§ **What the exercise asks**
Copy out the line that contains "(* Points: inl" and the lines after it through the final one in the entries below, exactly, with no other lines.
**********
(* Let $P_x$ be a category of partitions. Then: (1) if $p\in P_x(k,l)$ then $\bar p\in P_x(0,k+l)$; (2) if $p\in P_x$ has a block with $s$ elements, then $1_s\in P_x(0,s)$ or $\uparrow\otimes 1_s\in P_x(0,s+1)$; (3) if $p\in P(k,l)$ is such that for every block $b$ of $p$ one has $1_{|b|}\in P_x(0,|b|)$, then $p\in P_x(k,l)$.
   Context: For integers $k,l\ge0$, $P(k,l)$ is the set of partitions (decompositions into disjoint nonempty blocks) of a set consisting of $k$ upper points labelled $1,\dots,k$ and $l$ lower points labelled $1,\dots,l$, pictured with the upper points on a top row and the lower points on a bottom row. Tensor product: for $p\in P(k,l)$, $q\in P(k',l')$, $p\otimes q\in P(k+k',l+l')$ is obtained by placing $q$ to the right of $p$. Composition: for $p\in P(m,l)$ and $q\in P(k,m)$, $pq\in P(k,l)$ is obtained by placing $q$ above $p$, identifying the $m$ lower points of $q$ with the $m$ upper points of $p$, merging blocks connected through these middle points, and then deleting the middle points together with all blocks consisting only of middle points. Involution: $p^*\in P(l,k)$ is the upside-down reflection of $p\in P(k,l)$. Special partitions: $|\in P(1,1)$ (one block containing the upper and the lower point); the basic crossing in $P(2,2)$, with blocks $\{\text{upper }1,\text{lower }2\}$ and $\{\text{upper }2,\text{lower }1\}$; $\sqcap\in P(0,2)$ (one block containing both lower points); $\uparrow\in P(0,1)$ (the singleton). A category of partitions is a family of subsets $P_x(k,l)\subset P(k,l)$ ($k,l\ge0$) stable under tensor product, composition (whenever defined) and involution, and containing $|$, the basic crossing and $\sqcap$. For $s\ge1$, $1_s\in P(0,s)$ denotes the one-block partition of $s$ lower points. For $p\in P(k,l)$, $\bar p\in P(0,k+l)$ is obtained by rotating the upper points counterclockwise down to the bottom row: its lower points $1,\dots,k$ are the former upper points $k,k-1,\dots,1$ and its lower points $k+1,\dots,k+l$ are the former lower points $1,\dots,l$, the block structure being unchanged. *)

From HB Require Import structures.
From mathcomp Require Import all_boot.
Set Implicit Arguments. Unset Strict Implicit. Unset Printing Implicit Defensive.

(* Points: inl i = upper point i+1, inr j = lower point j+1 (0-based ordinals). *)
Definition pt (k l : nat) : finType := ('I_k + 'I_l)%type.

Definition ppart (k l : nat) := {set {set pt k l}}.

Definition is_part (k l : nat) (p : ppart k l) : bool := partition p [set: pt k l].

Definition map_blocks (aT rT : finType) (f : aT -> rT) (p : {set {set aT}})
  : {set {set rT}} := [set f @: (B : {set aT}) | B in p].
**********
§ **Task output**
(* Points: inl i = upper point i+1, inr j = lower point j+1 (0-based ordinals). *)
Definition pt (k l : nat) : finType := ('I_k + 'I_l)%type.

Definition ppart (k l : nat) := {set {set pt k l}}.

Definition is_part (k l : nat) (p : ppart k l) : bool := partition p [set: pt k l].

Definition map_blocks (aT rT : finType) (f : aT -> rT) (p : {set {set aT}})
  : {set {set rT}} := [set f @: (B : {set aT}) | B in p].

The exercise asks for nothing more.